Just My Luck is a 2006 American romantic comedy film directed by Donald Petrie, from a screenplay by I. Marlene King and Amy B. Harris, starring Lindsay Lohan, Chris Pine, Faizon Love, Missi Pyle, and McFly. It tells the story of Ashley Albright who works in public relations and is the luckiest person in Manhattan, while Jake Hardin is a janitor and would-be music producer who seems to have terrible luck until their good and bad luck is switched upon kissing each other at a masquerade party which changes both their lives and leads them to meet each other once again.

Plot

Ashley Albright works at Braden & Co. Public Relations and has an extremely fortunate life, experiencing recurring strokes of good fortune since childhood. In contrast, Jake Hardin experiences bad luck on a daily basis.

Jake is the unpaid US manager of the British band McFly. For weeks, he tries to get their demo CD to record label owner Damon Philips, hoping to get them discovered and become a music producer.

Jake sneaks into a masquerade ball put on by Ashley where he hopes to meet Phillips. During the ball, a fortune teller tells Ashley her luck will change. Failing to get Phillips' attention, Jake asks Ashley to dance. They kiss, switching their luck in the process.

Outside, Jake saves Phillips from being hit by a car. To repay him for saving his life, he takes the McFly demo and invites the band to his studio. Meanwhile, Ashley and Peggy are arrested because the neighbor she invited to be Peggy's date is a prostitute. Ashley is fired by Peggy and spends a night in jail.

The next day, Ashley learns her apartment is condemned due to a flood and mold. Staying with her friends Dana and Maggie she experiences more bad luck. She tracks down the fortune teller, who suggests someone needed her luck more. Ashley realizes the stranger she kissed has her luck.

Phillips is impressed with McFly and signs them. Ashley tracks down every male dancer hired to work the ball, kissing each of them. After this fails to restore her luck, hungry and overwhelmed, Ashley has a public breakdown at a diner where Jake is. Not recognizing her, he sympathizes with her frustration at constant bad luck, offering to find her a job. She takes his former job at the bowling alley, developing a friendship with him. When Jake is worried McFly doesn't have enough material for an upcoming gig at the Hard Rock Cafe, she introduces him to singer/songwriter Maggie. Impressed, he decides to use her song.

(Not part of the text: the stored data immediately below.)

Lemma bracket_expandr (x y : B -> K) r :
  bracket x y r = \sum_(c : B) bracket x (delta c) r * y c.
Proof.
under [RHS]eq_bigr do rewrite bracket_deltar mulr_suml.
rewrite /bracket exchange_big; apply: eq_bigr => c _.
by apply: eq_bigr => b _; ring.
Qed.

Lemma adW_bracket (x : B -> K) (W : B -> B -> K) p q :
  adW x W p q = bracket x (W^~ q) p + bracket x (W p) q.
Proof. by rewrite /adW !bracket_expandr. Qed.

Lemma bracket_linear (z f g : B -> K) (s t : K) r :
  bracket z (fun c => f c * s - g c * t) r = bracket z f r * s - bracket z g r * t.
Proof.
rewrite !(bracket_expandr z) !mulr_suml -sumrB; apply: eq_bigr => c _; ring.
Qed.

Definition wedge (x y : B -> K) : B -> B -> K := fun p q => x p * y q - y p * x q.

Lemma wedge_skew x y : skew_arr (wedge x y).
Proof. by move=> p q; rewrite /wedge; ring. Qed.

Lemma adW_wedge (z x y : B -> K) p q :
  adW z (wedge x y) p q
  = wedge (bracket z x) y p q + wedge x (bracket z y) p q.
Proof.
rewrite adW_bracket /wedge bracket_linear.
have -> : bracket z (fun r => x p * y r - y p * x r) q
          = bracket z (fun r => y r * x p - x r * y p) q.
  by apply: eq_bigr => b _; apply: eq_bigr => c _; ring.
by rewrite bracket_linear; ring.
Qed.

Lemma bracket_vertex_coord (x y : B -> K) j : bracket x y (inl j) = 0.
Proof.
rewrite /bracket big1 // => b _; rewrite big1 // => c _.
by case: b c => [?|?] [?|?]; rewrite mulr0.
Qed.

Lemma bracket_center (x y : B -> K) r :
  (forall j, y (inl j) = 0) -> bracket x y r = 0.
Proof.
move=> y0; rewrite /bracket big1 // => b _; rewrite big1 // => [[j|e]] _.
  by rewrite y0 mulr0 mul0r.
by case: b => [?|?]; rewrite mulr0.
Qed.

Lemma bracket_vertex_edgeE k (a : edgeT adj) y :
  bracket (delta (inl k)) y (inr a) = \sum_(j : 'I_n)
     y (inl j) * (if val a == (k, j) then 1 else if val a == (j, k) then -1 else 0).
Proof.
by rewrite bracket_deltal big_sumType /= [X in _ + X]big1 ?addr0 // => e _; rewrite mulr0.
Qed.

Lemma bracket_vertex_edge k i (a : edgeT adj) y : k != i -> val a = sorted_pair k i ->
  bracket (delta (inl k)) y (inr a) = sign_lt k i * y (inl i).
Proof.
move=> ki ha; rewrite bracket_vertex_edgeE (bigD1 i) //= big1 ?addr0 => [|j ji].
  rewrite ha /sorted_pair /sign_lt mulrC; case: ltnP => _; first by rewrite eqxx.
  by rewrite xpair_eqE [i == k]eq_sym (negbTE ki) eqxx.
rewrite ha /sorted_pair; case: ltnP => _; rewrite !xpair_eqE;
  do ![case: eqP => //= ?]; subst; rewrite ?mulr0 //; by rewrite eqxx in ki ji.
Qed.

Lemma bracket_vertex_edge_out k (a : edgeT adj) y :
  k \notin [:: (val a).1; (val a).2] -> bracket (delta (inl k)) y (inr a) = 0.
Proof.
rewrite !inE negb_or => /andP [k1 k2]; rewrite bracket_vertex_edgeE big1 // => j _.
move: k1 k2; case: (val a) => u v /= k1 k2; rewrite !xpair_eqE.
by do ![case: eqP => //= ?]; subst; rewrite ?mulr0 //; rewrite ?eqxx in k1 k2.
Qed.

Lemma wedge2_center_invariant (W : B -> B -> K) :
  in_wedge2_center W -> n_invariant W.
Proof.
by move=> hW x p q; rewrite adW_bracket !bracket_center ?addr0 // => j; rewrite hW ?andbF.
Qed.

Lemma bracket_leaf (i : 'I_n) (al : edgeT adj) (x : B -> K) r :
  (forall e : edgeT adj, i \in [:: (val e).1; (val e).2] -> e = al) ->
  bracket x (delta (inl i)) r = bracket x (delta (inl i)) (inr al) * delta (inr al) r.
Proof.
move=> al_only; case: r => [j|e]; first by rewrite bracket_vertex_coord /delta mulr0.
rewrite /delta; case: eqP => [->|ne]; first by rewrite mulr1.
rewrite mulr0 bracketN bracket_vertex_edge_out ?oppr0 //.
by apply: contra_notN ne => /al_only ->.
Qed.

Lemma wedge_leaf_invariant (i : 'I_n) (al : edgeT adj) :
  (forall e : edgeT adj, i \in [:: (val e).1; (val e).2] -> e = al) ->
  n_invariant (wedge (delta (inl i)) (delta (inr al))).
Proof.
move=> al_only x p q; rewrite adW_wedge /wedge.
rewrite (bracket_leaf x p al_only) (bracket_leaf x q al_only).
by rewrite ![bracket x (delta (inr al)) _]bracket_center //; ring.
Qed.

End GraphAlgebraBracket.

Section Neighbours.
Variables (n : nat) (adj : rel 'I_n) (i : 'I_n).

Lemma two_neighbours_cases (u v : 'I_n) : (2 <= #|[set j | adj i j]|)%N ->
  (exists2 k, adj i k & k \notin [:: u; v]) \/ (adj i u /\ adj i v).
Proof.
move=> /card_gt1P [k1 [k2 []]]; rewrite !inE => ik1 ik2 k12.
case: (boolP (k1 \in [:: u; v])) => [k1uv|]; last by left; exists k1.
case: (boolP (k2 \in [:: u; v])) => [k2uv|]; last by left; exists k2.
right; move: k1uv k2uv k12 ik1 ik2; rewrite !inE.
by do 2![case/orP => /eqP ->]; rewrite ?eqxx // => _ -> ->.
Qed.

Hypothesis hsym : symmetric adj.
Variable j0 : 'I_n.
Hypotheses (ij0 : adj i j0) (leaf : ~~ (2 <= #|[set j | adj i j]|)%N).

Lemma leaf_neighbour j : adj i j -> j = j0.
Proof.
move=> ij; apply/eqP; apply: contraNT leaf => jj0; apply/card_gt1P.
by exists j, j0; rewrite !inE ij ij0 jj0.
Qed.

Lemma leaf_edge_unique (al : edgeT adj) : val al = sorted_pair i j0 ->
  forall e : edgeT adj, i \in [:: (val e).1; (val e).2] -> e = al.
Proof.
move=> hal e; rewrite !inE; case: (edge_sorted e) => he _.
move: (val e).1 (val e).2 he => u v he uv /orP [/eqP ei | /eqP ei]; apply: val_inj.
- by subst u; rewrite hal he (leaf_neighbour uv).
- by subst v; rewrite hal he sorted_pairC (leaf_neighbour (etrans (hsym i u) uv)).
Qed.

End Neighbours.

Section InvariantsInCenter.
Variables (K : fieldType) (n : nat) (adj : rel 'I_n).
Local Notation B := (Bas adj).
Local Notation delta := (delta K).
Local Notation bracket := (@bracket K n adj).
Local Notation sign_lt := (sign_lt K).
Hypotheses (hsym : symmetric adj) (hirr : irreflexive adj).
Variable W : B -> B -> K.
Hypotheses (hskew : skew_arr W) (hinv : n_invariant W).

Lemma invariant_vertex k p q :
  bracket (delta (inl k)) (W^~ q) p + bracket (delta (inl k)) (W p) q = 0.
Proof. by rewrite -adW_bracket hinv. Qed.

Lemma invariant_at_edge k i (a : edgeT adj) q :
  adj k i -> val a = sorted_pair k i ->
  sign_lt k i * W (inl i) q + bracket (delta (inl k)) (W (inr a)) q = 0.
Proof.
move=> ki ha.
by rewrite -(bracket_vertex_edge (W^~ q) (adj_neq hirr ki) ha) invariant_vertex.
Qed.

Lemma invariant_vertex_vertex i j k : adj k i -> W (inl i) (inl j) = 0.
Proof.
move=> ki; have [a ha] := exists_edge hsym hirr ki.
have /eqP := invariant_at_edge (inl j) ki ha.
rewrite bracket_vertex_coord addr0 mulf_eq0.
by rewrite (negbTE (sign_lt_neq0 _ _ _)) => /eqP.
Qed.

Lemma invariant_vertex_edge_far i k (b : edgeT adj) :
  adj k i -> k \notin [:: (val b).1; (val b).2] -> W (inl i) (inr b) = 0.
Proof.
move=> ki kb; have [a ha] := exists_edge hsym hirr ki.
have /eqP := invariant_at_edge (inr b) ki ha.
rewrite bracket_vertex_edge_out // addr0 mulf_eq0.
by rewrite (negbTE (sign_lt_neq0 _ _ _)) => /eqP.
Qed.

Lemma invariant_vertex_edge_triangle i (b : edgeT adj) : 2%:R != 0 :> K ->
  adj i (val b).1 -> adj i (val b).2 -> W (inl i) (inr b) = 0.
Proof.
move=> two; case: (edge_sorted b); move: (val b).1 (val b).2 => u v hb uv _ iu iv.
have [ui vi] : adj u i /\ adj v i by rewrite !(hsym _ i).
have [a1 ha1] := exists_edge hsym hirr ui.
have [a2 ha2] := exists_edge hsym hirr vi.
have Eu := invariant_at_edge (inr b) ui ha1.
rewrite (bracket_vertex_edge _ uv hb) in Eu.
have Ev := invariant_at_edge (inr b) vi ha2.
rewrite (bracket_vertex_edge _ _ (etrans hb (sorted_pairC u v))) 1?eq_sym // in Ev.
rewrite [sign_lt v u]sign_ltC // mulNr in Ev.
rewrite sorted_pairC in ha2; have Ei := invariant_at_edge (inr a1) iv ha2.
rewrite sorted_pairC in ha1; rewrite (bracket_vertex_edge _ (adj_neq hirr iu) ha1) in Ei.
rewrite [W (inl v) _]hskew [sign_lt i v]sign_ltC ?[sign_lt i u]sign_ltC
  ?(adj_neq hirr) // in Ei.
rewrite mulrNN mulNr in Ei.
exact: cycle3_eq0 two (sign_lt_neq0 _ u i) (sign_lt_neq0 _ v i) Eu Ev Ei.
Qed.

Hypothesis two : 2%:R != 0 :> K.
Hypothesis hnoiso : forall i : 'I_n, exists j : 'I_n, adj i j.
Hypothesis hdeg : forall i : 'I_n, (2 <= #|[set j | adj i j]|)%N.

Lemma invariant_vertex_edge i (b : edgeT adj) : W (inl i) (inr b) = 0.
Proof.
case: (two_neighbours_cases (val b).1 (val b).2 (hdeg i)) => [[k ik kb]|[iu iv]].
- by apply: (invariant_vertex_edge_far _ kb); rewrite hsym.
- exact: invariant_vertex_edge_triangle.
Qed.

Lemma invariant_in_wedge2_center : in_wedge2_center W.
Proof.
move=> [i|a] [j|b] //= _; last by rewrite hskew invariant_vertex_edge oppr0.
- have [k ik] := hnoiso i.
  by apply: (@invariant_vertex_vertex _ _ k); rewrite hsym.
- exact: invariant_vertex_edge.
Qed.

End InvariantsInCenter.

During a recording session, Ashley overhears Jake say he's been lucky ever since the masquerade ball. Realizing he was the masked dancer, she kisses him and leaves, finding her luck is back. She runs into Peggy, who is now engaged to Antonio and offers to rehire Ashley as the Vice President of Braden & Co. if she helps with a meeting that very night. Ashley then learns Maggie's song will no longer be performed at the concert.

Looking at a mirror she broke earlier, Ashley reflects on the cost of her good luck. Deciding to forego Peggy's rehiring offer, she goes to the concert where Jake and the band are having bad luck and may have to cancel the concert. Ashley kisses Jake and circumstances change, leading to a successful concert where Maggie's song is performed. Ashley realizes she's in love with Jake but doesn't wish to give him bad luck again. She decides to leave and live with her parents for a while.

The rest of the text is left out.